For convenience, let \(E\) denote the size of this expanded representation, where \(E = D+1\).

Local Random Variables

Each dataset observation at index n has its own cluster assignment:

\[z_n \in \{1, 2, \ldots K \}\]

The generative model and approximate posterior for \(z_n\) is determined by an allocation model.

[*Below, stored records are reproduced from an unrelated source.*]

Lemma kmul_suml I r P (F : I -> car X) b :
  km (\sum_(i <- r | P i) F i) b = \sum_(i <- r | P i) km (F i) b.
Proof. exact: (additive_sum (fun x y => kmulDl x y b)). Qed.
Lemma kmul_sumr I r P (F : I -> car X) a :
  km a (\sum_(i <- r | P i) F i) = \sum_(i <- r | P i) km a (F i).
Proof. exact: (additive_sum (kmulDr a)). Qed.
Lemma cscale_sum I r P (F : I -> car X) l :
  cs l (\sum_(i <- r | P i) F i) = \sum_(i <- r | P i) cs l (F i).
Proof. exact: (additive_sum (cscaleDr l)). Qed.
Lemma kact_sum I r P (F : I -> car X) w :
  ka w (\sum_(i <- r | P i) F i) = \sum_(i <- r | P i) ka w (F i).
Proof. exact: (additive_sum (kactDr w)). Qed.

End KAlgebraLaws.

Section RepresentationLaws.
Variables (k : comAlgType CC) (X : kraw k) (V : zmodType).
Variables (vs : CC -> V -> V) (act : car X -> V -> V) (kv : k -> V -> V).

Definition annihilates (a : car X) : Prop := forall v, act a v = 0.

Definition annihilates_on (S : V -> Prop) (a : car X) : Prop :=
  forall v, S v -> act a v = 0.

Hypothesis Hr : is_rep (@full_set (car X)) (@zero_set (car X)) vs act kv.

Local Ltac rep_laws :=
  case: Hr => [? [? [? [? [? [? [? [? [kvZ [aDl [aDr [aZl [aZr [aM [aK _]]]]]]]]]]]]]]].

Lemma vscale1 v : vs 1 v = v. Proof. by rep_laws. Qed.
Lemma vscaleM l m v : vs (l * m) v = vs l (vs m v). Proof. by rep_laws. Qed.
Lemma vscaleDl l m v : vs (l + m) v = vs l v + vs m v. Proof. by rep_laws. Qed.
Lemma vscaleDr l v u : vs l (v + u) = vs l v + vs l u. Proof. by rep_laws. Qed.
Lemma vkact1 v : kv 1 v = v. Proof. by rep_laws. Qed.
Lemma vkactM w1 w2 v : kv (w1 * w2) v = kv w1 (kv w2 v). Proof. by rep_laws. Qed.
Lemma vkactDl w1 w2 v : kv (w1 + w2) v = kv w1 v + kv w2 v. Proof. by rep_laws. Qed.
Lemma vkactDr w v u : kv w (v + u) = kv w v + kv w u. Proof. by rep_laws. Qed.
Lemma vscale_vkact l w v : vs l (kv w v) = kv w (vs l v).
Proof. by rep_laws; case: (kvZ l w v). Qed.
Lemma vkact_vscale l w v : kv w (vs l v) = kv (l *: w) v.
Proof. by rep_laws; case: (kvZ l w v). Qed.
Lemma actDl a b v : act (a + b) v = act a v + act b v. Proof. by rep_laws; exact: aDl. Qed.
Lemma actDr a v u : act a (v + u) = act a v + act a u. Proof. by rep_laws; exact: aDr. Qed.
Lemma act_cscale l a v : act (cscale l a) v = vs l (act a v). Proof. by rep_laws; exact: aZl. Qed.
Lemma act_vscale l a v : act a (vs l v) = vs l (act a v). Proof. by rep_laws; exact: aZr. Qed.
Lemma act_kmul a b v : act (kmul a b) v = act a (act b v). Proof. by rep_laws; exact: aM. Qed.
Lemma act_kact w a v : act (kact w a) v = kv w (act a v).
Proof. by rep_laws; case: (aK w a v). Qed.
Lemma act_vkact w a v : act a (kv w v) = kv w (act a v).
Proof. by rep_laws; case: (aK w a v). Qed.

Lemma vscale0 l : vs l 0 = 0. Proof. exact: (additive0 (vscaleDr l)). Qed.
Lemma vkact0 w : kv w 0 = 0. Proof. exact: (additive0 (vkactDr w)). Qed.
Lemma act0l v : act 0 v = 0. Proof. exact: (additive0 (fun a b => actDl a b v)). Qed.
Lemma act0r a : act a 0 = 0. Proof. exact: (additive0 (actDr a)). Qed.
Lemma actNl a v : act (- a) v = - act a v.
Proof. exact: (additiveN (fun a b => actDl a b v)). Qed.
Lemma actBl a b v : act (a - b) v = act a v - act b v. Proof. by rewrite actDl actNl. Qed.

Lemma act_suml I r P (F : I -> car X) v :
  act (\sum_(i <- r | P i) F i) v = \sum_(i <- r | P i) act (F i) v.
Proof. exact: (additive_sum (fun a b => actDl a b v)). Qed.
Lemma act_sumr I r P (F : I -> V) a :
  act a (\sum_(i <- r | P i) F i) = \sum_(i <- r | P i) act a (F i).
Proof. exact: (additive_sum (actDr a)). Qed.
Lemma vscale_sum I r P (F : I -> V) l :
  vs l (\sum_(i <- r | P i) F i) = \sum_(i <- r | P i) vs l (F i).
Proof. exact: (additive_sum (vscaleDr l)). Qed.
Lemma vkact_sum I r P (F : I -> V) w :
  kv w (\sum_(i <- r | P i) F i) = \sum_(i <- r | P i) kv w (F i).
Proof. exact: (additive_sum (vkactDr w)). Qed.

Section AnnihilatorLeftIdeal.
Variable S : V -> Prop.

Lemma annihilates_on0 : annihilates_on S 0.
Proof. by move=> v _; rewrite act0l. Qed.
Lemma annihilates_onB a b :
  annihilates_on S a -> annihilates_on S b -> annihilates_on S (a - b).
Proof. by move=> Sa Sb v Sv; rewrite actBl Sa // Sb // subr0. Qed.
Lemma annihilates_onD a b :
  annihilates_on S a -> annihilates_on S b -> annihilates_on S (a + b).
Proof. by move=> Sa Sb v Sv; rewrite actDl Sa // Sb // addr0. Qed.
Lemma annihilates_on_cscale l a :
  annihilates_on S a -> annihilates_on S (cscale l a).
Proof. by move=> Sa v Sv; rewrite act_cscale Sa // vscale0. Qed.
Lemma annihilates_on_kact w a :
  annihilates_on S a -> annihilates_on S (kact w a).
Proof. by move=> Sa v Sv; rewrite act_kact Sa // vkact0. Qed.
Lemma annihilates_on_kmul c a :
  annihilates_on S a -> annihilates_on S (kmul c a).
Proof. by move=> Sa v Sv; rewrite act_kmul Sa // act0r. Qed.

End AnnihilatorLeftIdeal.
End RepresentationLaws.

Section IrreducibleRepresentations.
Variables (k : comAlgType CC) (X : kraw k) (V : zmodType).
Variables (vs : CC -> V -> V) (act : car X -> V -> V) (kv : k -> V -> V).
Hypothesis Hirr : is_irred_rep (@full_set (car X)) (@zero_set (car X)) vs act kv.
Let Hr := proj1 Hirr.

Lemma irred_rep_nontrivial : exists a v, act a v <> 0.
Proof. by case: Hirr => _ [[a [v [_ nz]]] _]; exists a, v. Qed.

Lemma irred_rep_stable (U : V -> Prop) :
  U 0 -> (forall v u, U v -> U u -> U (v + u)) ->
  (forall l v, U v -> U (vs l v)) -> (forall w v, U v -> U (kv w v)) ->
  (forall a v, U v -> U (act a v)) ->
  (forall v, U v -> v = 0) \/ (forall v, U v).
Proof. by case: Hirr => _ [_ irr] U0 UD Us Uk Ua; apply: irr => // a v _; apply: Ua. Qed.

Lemma exists_nonzero_vec : exists v0 : V, v0 <> 0.
Proof.
have [a [v nz]] := irred_rep_nontrivial.
by exists v => v0; apply: nz; rewrite v0 (act0r Hr).
Qed.

Lemma annihilated_vec0 v : (forall a, act a v = 0) -> v = 0.
Proof.
move=> annv.
have [|||||/(_ v annv)//|all_ann] := @irred_rep_stable (fun v => forall a, act a v = 0).
- by move=> a; rewrite (act0r Hr).
- by move=> x y hx hy a; rewrite (actDr Hr) hx hy addr0.
- by move=> l x hx a; rewrite (act_vscale Hr) hx (vscale0 Hr).
- by move=> w x hx a; rewrite (act_vkact Hr) hx (vkact0 Hr).
- by move=> b x hx a; rewrite -(act_kmul Hr) hx.
by have [a [x]] := irred_rep_nontrivial; rewrite all_ann.
Qed.

Lemma irred_rep_cyclic v0 : v0 <> 0 -> forall v, exists a, v = act a v0.
Proof.
move=> nz.
have [|||||gen0|//] := @irred_rep_stable (fun v => exists a, v = act a v0).
- by exists 0; rewrite (act0l Hr).
- by move=> x y [a ->] [b ->]; exists (a + b); rewrite (actDl Hr).
- by move=> l x [a ->]; exists (cscale l a); rewrite (act_cscale Hr).
- by move=> w x [a ->]; exists (kact w a); rewrite (act_kact Hr).
- by move=> b x [a ->]; exists (kmul b a); rewrite (act_kmul Hr).
by case: nz; apply: annihilated_vec0 => a; apply: gen0; exists a.
Qed.

Lemma annihilates_on_orbit (S : V -> Prop) x :
  (exists b, annihilates_on act S b /\ act b x <> 0) ->
  forall v, exists2 b, annihilates_on act S b & v = act b x.
Proof.
move=> [b0 [Lb0 b0x]].
have [|||||Lx0|//] := @irred_rep_stable (fun v => exists2 b, annihilates_on act S b & v = act b x).
- by exists 0; [exact: (annihilates_on0 Hr) | rewrite (act0l Hr)].
- move=> _ _ [b Lb ->] [c Lc ->]; exists (b + c); first exact: (annihilates_onD Hr).
  by rewrite (actDl Hr).
- move=> l _ [b Lb ->]; exists (cscale l b); first exact: (annihilates_on_cscale Hr).
  by rewrite (act_cscale Hr).
- move=> w _ [b Lb ->]; exists (kact w b); first exact: (annihilates_on_kact Hr).
  by rewrite (act_kact Hr).
- move=> c _ [b Lb ->]; exists (kmul c b); first exact: (annihilates_on_kmul Hr).
  by rewrite (act_kmul Hr).
by case: b0x; apply: Lx0; exists b0.
Qed.

End IrreducibleRepresentations.

Lemma primP (k : comAlgType CC) (X : kraw k) (Q : car X -> Prop) : prim Q <->
  exists (V : zmodType) (vs : CC -> V -> V) (act : car X -> V -> V) (kv : k -> V -> V),
    is_irred_rep (@full_set (car X)) (@zero_set (car X)) vs act kv /\
    forall a, Q a <-> annihilates act a.
Proof.
split=> -[V [vs [act [kv [Hirr eQ]]]]]; exists V, vs, act, kv; split=> // a.
  by rewrite eQ; split=> [[]|].
by rewrite eQ; split=> [|[]].
Qed.

Section PrimitiveIdealsIncomparable.
Variables (k : comAlgType CC) (X : kraw k).
Hypothesis HX : is_kalg X.
Variables (V1 : zmodType) (vs1 : CC -> V1 -> V1) (act1 : car X -> V1 -> V1).
Variable kv1 : k -> V1 -> V1.
Hypothesis H1 : is_irred_rep (@full_set (car X)) (@zero_set (car X)) vs1 act1 kv1.
Variables (V2 : zmodType) (vs2 : CC -> V2 -> V2) (act2 : car X -> V2 -> V2).
Variable kv2 : k -> V2 -> V2.
Hypothesis H2 : is_irred_rep (@full_set (car X)) (@zero_set (car X)) vs2 act2 kv2.
Let R1 := proj1 H1.
Let R2 := proj1 H2.

(* [b x |-> b y] (for [b] in [L]) is a well-defined nonzero module map
   [V1 -> V2], injective because its kernel is a proper submodule of [V1]. *)
Lemma annihilates_sub_of_module_map (S : V1 -> Prop) (x : V1) (y : V2) :
  let L := annihilates_on act1 S in
  (forall b, L b -> act1 b x = 0 -> act2 b y = 0) ->
  (exists b, L b /\ act2 b y <> 0) ->
  forall q, annihilates act2 q -> annihilates act1 q.
Proof.
move=> L map0 [b0 [Lb0 b0y]].
have map_eq b b' : L b -> L b' -> act1 b x = act1 b' x -> act2 b y = act2 b' y.
  move=> Lb Lb' ebb'; apply/eqP; rewrite -subr_eq0 -(actBl R2).
  by apply/eqP; apply: map0; [exact: (annihilates_onB R1) | rewrite (actBl R1) ebb' subrr].
have Lx_full : forall v, exists2 b, L b & v = act1 b x.
  apply: (annihilates_on_orbit H1); exists b0; split=> // b0x.
  by apply: b0y; apply: map0.
pose ker v := forall b, L b -> act1 b x = v -> act2 b y = 0.
have ker_map f g h : (forall b, L b -> L (f b)) ->
    (forall b, act1 (f b) x = g (act1 b x)) -> (forall b, act2 (f b) y = h (act2 b y)) ->
    h 0 = 0 -> forall v, ker v -> ker (g v).
  move=> Lf f1 f2 h0 v kerv b Lb bx; have [b1 Lb1 e1] := Lx_full v.
  have -> : act2 b y = act2 (f b1) y by apply: map_eq => //; [exact: Lf | rewrite bx f1 -e1].
  by rewrite f2 (kerv b1).
have ker0 : forall v, ker v -> v = 0.
  have [|||||//|ker_full] := irred_rep_stable H1 (U := ker).
  - by move=> b Lb bx; apply: map0.
  - move=> v1 v2 ker1 ker2 b Lb bx.
    have [b1 Lb1 e1] := Lx_full v1; have [b2 Lb2 e2] := Lx_full v2.
    rewrite (map_eq b (b1 + b2)) ?(actDl R2) ?(ker1 b1) ?(ker2 b2) ?addr0 //.
      exact: (annihilates_onD R1).
    by rewrite bx (actDl R1) e1 e2.
  - by move=> l; apply: (ker_map _ _ _ (annihilates_on_cscale R1 l)
      (act_cscale R1 l ^~ x) (act_cscale R2 l ^~ y) (vscale0 R2 l)).
  - by move=> w; apply: (ker_map _ _ _ (annihilates_on_kact R1 w)
      (act_kact R1 w ^~ x) (act_kact R2 w ^~ y) (vkact0 R2 w)).
  - by move=> c; apply: (ker_map _ _ _ (annihilates_on_kmul R1 c)
      (act_kmul R1 c ^~ x) (act_kmul R2 c ^~ y) (act0r R2 c)).
  by case: b0y; exact: (ker_full _ b0).
move=> q annq v; have [b Lb ->] := Lx_full v; apply: ker0 => b' Lb' eb'.
rewrite (map_eq b' (kmul q b)) ?(act_kmul R2) ?annq //.
  exact: (annihilates_on_kmul R1).
by rewrite eb' (act_kmul R1).
Qed.
(* Each word of a span over t_0, ..., t_L is a word of a span over s: the
   pair (l, a) is replaced by the letters of t_l in s, filled with a. *)
Lemma vword_expand lo hi ls :
  hi <= L.+1 -> sorted ltn (map fst ls) -> all (fun p => lo <= p.1 < hi) ls ->
  letters_ok ls ->
  exists2 ls', vword s ls' = vword t ls &
    [/\ sorted ltn (map fst ls'), all (fun q => m lo <= q.1 < m hi) ls',
        letters_ok ls', (None \in map snd ls') = (None \in map snd ls)
      & size ls <= size ls'].
Proof.
move=> le_hi; elim: ls lo => [|[l a] ls IH] lo; first by exists [::].
rewrite /= (path_sortedE ltn_trans) => /andP[/allP l_lt ls_sort].
case/andP=> /andP[lo_l l_hi] ls_in /andP[a_ok ls_ok].
have ls_in' : all (fun p => l.+1 <= p.1 < hi) ls.
  by apply/allP => p p_in; rewrite (l_lt _ (map_f _ p_in)) (andP (allP ls_in p p_in)).2.
have [ls0 ls0_word [ls0_sort ls0_in ls0_ok ls0_None ls0_size]] :=
  IH _ ls_sort ls_in' ls_ok.
have l_L : l <= L by rewrite -ltnS (leq_trans l_hi).
have [js [js_ne js_sort /allP js_in /andP[js_ok js_None] t_l]] := t_span l_L.
exists (fill a js ++ ls0).
  by rewrite vword_cat vword_fill ls0_word /vword -t_l.
split.
- rewrite map_cat fill_fst (sorted_pairwise ltn_trans) pairwise_cat.
  rewrite -!(sorted_pairwise ltn_trans) js_sort ls0_sort !andbT.
  apply/allrelP => x y /mapP[p /js_in /andP[_ p_lt] ->] /mapP[q /(allP ls0_in)].
  by case/andP=> q_ge _ ->; exact: leq_trans p_lt q_ge.
- rewrite all_cat; apply/andP; split.
    apply/allP => q /mapP[p /js_in /andP[p_ge p_lt] ->] /=.
    rewrite (leq_trans (block_mono m_lt lo_l (ltnW (leq_trans l_hi le_hi))) p_ge).
    exact: leq_trans p_lt (block_mono m_lt l_hi le_hi).
  apply/allP => q /(allP ls0_in) /andP[q_ge ->]; rewrite andbT.
  exact: leq_trans (block_mono m_lt (leqW lo_l) (leq_trans l_hi le_hi)) q_ge.
- rewrite [letters_ok _]all_cat -/(letters_ok ls0) ls0_ok andbT.
  apply: (letters_ok_fill (l := l)) => //.
  apply/allP => p /js_in /andP[p_ge _].
  exact: leq_trans (block_ge m_lt m0 (leqW l_L)) p_ge.
- by rewrite map_cat mem_cat fill_None // ls0_None in_cons eq_sym.
- rewrite size_cat size_map /= -add1n leq_add // lt0n size_eq0; exact: js_ne.
Qed.
Lemma rho_triple_rc : rho [Gt l c r; r; c] [Gt l c r].
Proof. destruct Gi as (i & Hi & Hg); exact (rho_rc Hi Hg). Qed.

Lemma rho_triple_long : rho [r; c; Gt l c r; c; l] [r; c; l].
Proof. destruct Gi as (i & Hi & Hg); exact (rho_long Hi Hg). Qed.

Lemma rho_triple_loop : rho [Gt l c r; r; c; l; Gt l c r] [Gt l c r].
Proof.
  destruct Gamma_triple_parts as (Gl & Gc & Gr).
  set (p := Gt l c r) in *.
  rho_rw_back [p] [p] rho_triple_long.
  rho_rw [] [p; c; l; p] rho_triple_rc.
  rho_rw [p; p] [] rho_triple_cl.
  rho_rw [] [p] (rho_idem Gp).
  exact (rho_idem Gp).
Qed.

Lemma rho_insert_apex : rho [r; c; l] [r; Gt l c r; l].
Proof.
  destruct Gamma_triple_parts as (Gl & Gc & Gr).
  set (p := Gt l c r) in *.
  apply rho_sym.
  rho_rw_back [r] [l] rho_triple_cl.
  rho_rw_back [r] [l; p; l] (rho_idem Gc).
  rho_rw [r; c] [l] rho_triple_cl.
  rho_rw_back [r; c] [l] rho_triple_rc.
  rho_rw_back [r; c; p; r] [l] (rho_idem Gc).
  rho_rw [r; c] [c; l] rho_triple_rc.
  exact rho_triple_long.
Qed.

End Triple.

Lemma rho_child_sandwich p q : Gamma p -> child q p -> rho [p; q; p] [p].
Proof.
  intros Gp Hq; pose proof Gp as [i Hp].
  destruct Hp as [| x | i l c r].
  - rewrite (child_G1 Hq).
    rho_rw [] [G1] (rho_idem Gamma_G1).
    exact (rho_idem Gamma_G1).
  - destruct Hq as [-> | ->]; simpl;
      rho_rw [Gx x] [] (rho_1l Gp); exact (rho_idem Gp).
  - destruct (Gamma_triple_parts Gp) as (Gl & Gc & Gr).
    destruct Hq as [-> | ->]; simpl.
    + rho_rw_back [] [l; Gt l c r] (rho_triple_rc Gp).
      exact (rho_triple_loop Gp).
    + rho_rw_back [Gt l c r; r] [] (rho_triple_cl Gp).
      exact (rho_triple_loop Gp).
Qed.

Inductive descent : gterm X -> list (gterm X) -> Prop :=
| descent_nil p : descent p []
| descent_cons p q b : Gamma p -> child q p -> descent q b -> descent p (q :: b).

Lemma descent_Forall_Gamma p b : Gamma p -> descent p b -> Forall Gamma b.
Proof.
  intros Gp Hb; induction Hb as [|p q b _ Hq _ IH]; constructor;
    [| apply IH]; eapply Gamma_child; eauto.
Qed.

Lemma descent_app_iff p b b' :
  descent p (b ++ b') <-> descent p b /\ descent (last (p :: b) G1) b'.
Proof.
  revert p; induction b as [|q b IH]; intro p; simpl.
  - split; [split; [constructor | assumption] | tauto].
  - split.
    + intro H; inversion_clear H as [| ? ? ? Gp Hq Hbd].
      apply IH in Hbd as [Hb Hd]; split; [constructor |]; assumption.
    + intros [Hb Hd]; inversion_clear Hb as [| ? ? ? Gp Hq Hb'].
      constructor; try apply IH; auto.
Qed.
Lemma symmetricbP w s : reflect (symmetric_about n (bead w) s) (symmetricb w s).
Proof.
apply: (iffP forallP) => [ws a b ab_s | ws x]; last first.
  by apply/forallP => y; apply/implyP => /eqP xy_s; apply/eqP/ws.
have /forallP/(_ (Ordinal (ltn_pmod b n_gt0)))/implyP :=
  ws (Ordinal (ltn_pmod a n_gt0)).
by rewrite /= modnDm ab_s eqxx !bead_mod => /(_ isT)/eqP.
Qed.

End Beads.

Definition axis M : nat := ~~ odd M.

Section CanonicalWords.
Variable N : nat.
Hypothesis N_gt0 : 0 < N.
Local Notation n := (2 * N).
Implicit Types v w : n.-tuple bool.

Let n_gt0 : 0 < n. Proof. by rewrite muln_gt0. Qed.

Definition canonical M w :=
  [&& antiperiodicb w M, symmetricb w (axis M) & ~~ bead w 0].

Definition canonical_words :=
  [set w | [exists M : 'I_N.+1, dyadic_divisor N M && canonical M w]].

Lemma canonicalP M w :
  reflect [/\ antiperiodic (bead w) M, symmetric_about n (bead w) (axis M)
            & ~~ bead w 0]
          (canonical M w).
Proof.
apply: (iffP and3P) => [[/(antiperiodicbP n_gt0) wM /(symmetricbP n_gt0) ws w0] |
                         [wM ws w0]].
  by split.
by split=> //; [apply/(antiperiodicbP n_gt0) | apply/(symmetricbP n_gt0)].
Qed.

Lemma mem_canonical_words w :
  reflect (exists2 M, dyadic_divisor N M & canonical M w) (w \in canonical_words).
Proof.
rewrite inE; apply: (iffP existsP) => [[M /andP [dM cM]] | [M dM cM]].
  by exists M.
have le_MN : M < N.+1 by rewrite ltnS dvdn_leq ?dyadic_divisor_dvdn.
by exists (Ordinal le_MN); rewrite /= dM.
Qed.

Lemma canonical_sc_achiral M w : canonical M w -> achiral w && selfcomp w.
Proof.
case/canonicalP => wM ws _; apply/andP; split.
  by apply/(achiralP n_gt0); exists (axis M).
by apply/(selfcompP n_gt0); exists M.
Qed.
Lemma hyp2F1_coef_1B N a c j : (j <= N)%N ->
  \sum_(k < N.+1) 'C(N, k)%:R * (-1) ^+ k * poch c k * poch (a + k%:R) (N - k) * 'C(k, j)%:R
  = 'C(N, j)%:R * (-1) ^+ N * poch c j * poch (c - a - N%:R + 1 + j%:R) (N - j).
Proof.
move=> jN; pose F k := 'C(N, k)%:R * (-1) ^+ k * poch c k * poch (a + k%:R) (N - k) * 'C(k, j)%:R.
rewrite (big_ord_drop (F := F) jN); last by move=> k kj; rewrite /F (bin_small kj) mulr0.
rewrite /F (eq_bigr (fun i : 'I_(N - j).+1 => ('C(N, j)%:R * (-1) ^+ j * poch c j) *
   ('C(N - j, i)%:R * (-1) ^+ i * poch (c + j%:R) i * poch (a + j%:R + i%:R) (N - j - i))));
  last first.
  move=> i _; have jiN : (j + i <= N)%N by rewrite -leq_subRL // -ltnS.
  have := congr1 (fun n => n%:R : R) (bin_trinomial jiN); rewrite !natrM => trin.
  rewrite exprD pochD subnDA natrD addrA [LHS]mulrC !mulrA (mulrC 'C(j + i, j)%:R) trin.
  by ring.
rewrite -mulr_sumr chu_vandermonde (_ : a + j%:R - (c + j%:R) = a - c); last by ring.
rewrite (_ : c - a - N%:R + 1 + j%:R = (c - a) - (N - j)%:R + 1); last by rewrite natrB //; ring.
rewrite poch_rev opprB (_ : (-1) ^+ N = (-1) ^+ j * (-1) ^+ (N - j) :> R);
  last by rewrite -exprD subnKC.
have sign2 : (-1) ^+ (N - j) * (-1) ^+ (N - j) = 1 :> R by rewrite -expr2 sqrr_sign.
by rewrite -[LHS]mulr1 -[X in _ * X = _]sign2; ring.
Qed.

Lemma hyp2F1_pfaff N a c y :
  hyp2F1 N a c (1 - y) = (-1) ^+ N * hyp2F1 N (c - a - N%:R + 1) c y.
Proof.
rewrite /hyp2F1.
under eq_bigr => k _.
  rewrite (expr1Bn_widen _ (_ : (k <= N)%N)); last by rewrite -ltnS.
  rewrite mulr_sumr; over.
rewrite exchange_big mulr_sumr; apply: eq_bigr => j _.
under eq_bigr do rewrite mulrA.
rewrite -mulr_suml hyp2F1_coef_1B; last by rewrite -ltnS.
by rewrite (exprNn y); ring.
Qed.

Lemma jacobiP_hyp2F1 a b m x : jacobiP a b m x =
  (m`!%:R)^-1 * hyp2F1 m (a + 1) (m%:R + a + b + 1) ((1 - x) / 2).
Proof.
rewrite /jacobiP /hyp2F1; congr (_ * _); apply: eq_bigr => k _.
rewrite poch_Nnat -bin_ffact natrM (_ : a + k%:R + 1 = a + 1 + k%:R); last by ring.
have kfact : (k`!%:R : R) != 0 by rewrite pnatr_eq0 -lt0n fact_gt0.
by field.
Qed.

Lemma jacobiPN a b m x : jacobiP a b m (- x) = (-1) ^+ m * jacobiP b a m x.
Proof.
rewrite !jacobiP_hyp2F1.
have -> : (1 - - x) / 2 = 1 - (1 - x) / 2 :> R.
  have two : (2 : R) != 0 by rewrite pnatr_eq0.
  by field.
rewrite hyp2F1_pfaff.
have -> : m%:R + a + b + 1 - (a + 1) - m%:R + 1 = b + 1 by ring.
have -> : m%:R + a + b + 1 = m%:R + b + a + 1 by ring.
by rewrite mulrCA.
Qed.

End Pfaff.

Section ReflectedDerivatives.
Variable R : realType.
Local Open Scope classical_set_scope.

(* No convergence hypothesis: if [q @ F] diverges, both limits are the default
   value [0].  Hence the derivative identities below need no differentiability. *)
Lemma limN_any (T : Type) (F : set_system T) {FF : ProperFilter F}
  (q : T -> (R : normedModType R)) :
  lim ((fun t => - q t) @ F) = - lim (q @ F).
Proof.
have [cq|dq] := pselect (cvg (q @ F)); first by rewrite limN.
rewrite (dvgP dq) dvgP; first exact/esym/oppr0.
by move=> cNq; apply: dq; rewrite -[q]opprK; apply: cvgP (cvgN cNq).
Qed.
Lemma weighted_work_ge j :
  ((2 * Num.sqrt (\sum_(i < n) ((c j <= c i)%R)%:R))%:E <=
  \int[mu]_(u in [set: R]) (2 * s j u * Num.sqrt (active u))%:E)%E.
Proof.
set M := \sum_(i < n) _; pose D := [set` `]-oo, c j + d]] : set R.
have mD : measurable D by exact: measurable_itv.
have ms : measurable_fun D (s j) by exact: measurable_funS measurableT (@subsetT _ D) _.
have mf : measurable_fun [set: R] (fun u => 2 * s j u * Num.sqrt (active u)).
  by apply: measurable_funM => //; apply: measurable_funM.
apply: (@le_trans _ _ (\int[mu]_(u in D) (2 * s j u * Num.sqrt (active u))%:E)%E); last first.
  apply: ge0_subset_integral => //; first by apply/measurable_EFinP.
  by move=> u _; rewrite lee_fin !mulr_ge0 ?sqrtr_ge0.
apply: (@le_trans _ _ (\int[mu]_(u in D) ((2 * Num.sqrt M)%:E * (s j u)%:E))%E).
  rewrite ge0_integralZl //.
  - rewrite -[X in (X <= _)%E]mule1; apply: lee_pmul => //; last exact: work_before_completion.
  - exact/measurable_EFinP.
  - by move=> u _; rewrite lee_fin.
apply: ge0_le_integral => //.
- by move=> u _; rewrite -EFinM lee_fin !mulr_ge0 // sqrtr_ge0.
- by apply: emeasurable_funM => //; exact/measurable_EFinP.
- by apply/measurable_EFinP; exact: measurable_funS measurableT (@subsetT _ D) mf.
move=> u; rewrite /D /= in_itv /= => ucd; rewrite -EFinM lee_fin.
have [ut|tu] := ltP u t; first by rewrite feasible_speed_before_release // !(mulr0, mul0r).
have := ler_wsqrtr (rank_le_active tu ucd : M <= _); have := feasible_speed_ge0 j u; nra.
Qed.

For all computations needed by our current observation model, we’ll assume either a point estimate or an approximate posterior for \(z_n\) is known.

Normal-Wishart prior

We assume that the weights \(w_k\) and the precision \(\delta_k\) have a joint Normal-Wishart prior with hyperparameters:

  • \(\bar{\nu}\) : positive scalar

    count parameter of the Wishart prior on precision

  • \(\bar{\tau}\) : positive scalar

    location parameter of the Wishart prior on precision

  • \(\bar{w}\) : vector of size E

    mean value of the Normal prior on cluster weights

  • \(\bar{P}\) : positive definite E x E matrix

    precision matrix for the Normal prior on cluster weights

Mathematically, we have:

\[\begin{split}\delta_{k} &\sim \mathcal{W}_1(\bar{\nu}, \bar{\tau}) \\ w_{k} &\sim \mathcal{N}_E( \bar{w}, \delta_k^{-1} \bar{P}^{-1} )\end{split}\]

Under this prior, here are some useful expectations for the precision random variable:

\[\begin{split}\E_{\mbox{prior}}[ \delta_k ] &= \frac{\bar{\nu}}{\bar{\tau}} \\ \E_{\mbox{prior}}[ \delta_k^{-1} ] &= \frac{\bar{\tau}}{\bar{\nu} - 2} \\ \mbox{Var}_{\mbox{prior}}[ \delta_k ] &= \frac{\bar{\nu}}{\bar{\tau}^2}\end{split}\]

Likewise, here are some useful prior expectations for the weight vector random variable:

\[\begin{split}\E_{\mbox{prior}}[w_k] &= \bar{w} \\ \mbox{Cov}_{\mbox{prior}}[w_k] &= \frac{\bar{\tau}}{\bar{\nu} - 2} \bar{P}^{-1}\end{split}\]

And some useful joint expectations:

\[\begin{split}\E_{\mbox{prior}}[\delta_k w_k ] &= \frac{\bar{\nu}}{\bar{\tau}}\bar{w} \\ \E_{\mbox{prior}}[\delta_k w_k w_k^T ] &= \bar{P}^{-1} + \frac{\bar{\nu}}{\bar{\tau}} \bar{w} \bar{w}^{T}\end{split}\]

In our Python implementation of the GaussRegressYFromFixedXObsModel class, these quantities are represented by the following numpy array attributes of the Prior parameter bag:

  • pnu : float

    value of \(\bar{\nu}\)

  • ptau : float

    value of \(\bar{\tau}\)

  • w_E : 1D array, size E

    value of \(\bar{w}\)

  • P_EE : 2D array, size E x E

    value of \(\bar{P}\)

Several keyword arguments can be used to determine the values of the prior hyperparameters when calling

  • --pnu : float

    Sets value of \(\bar{\nu}\). Defaults to 1.

  • --ptau : float

    Sets value of \(\bar{\tau}\). Defaults to 1.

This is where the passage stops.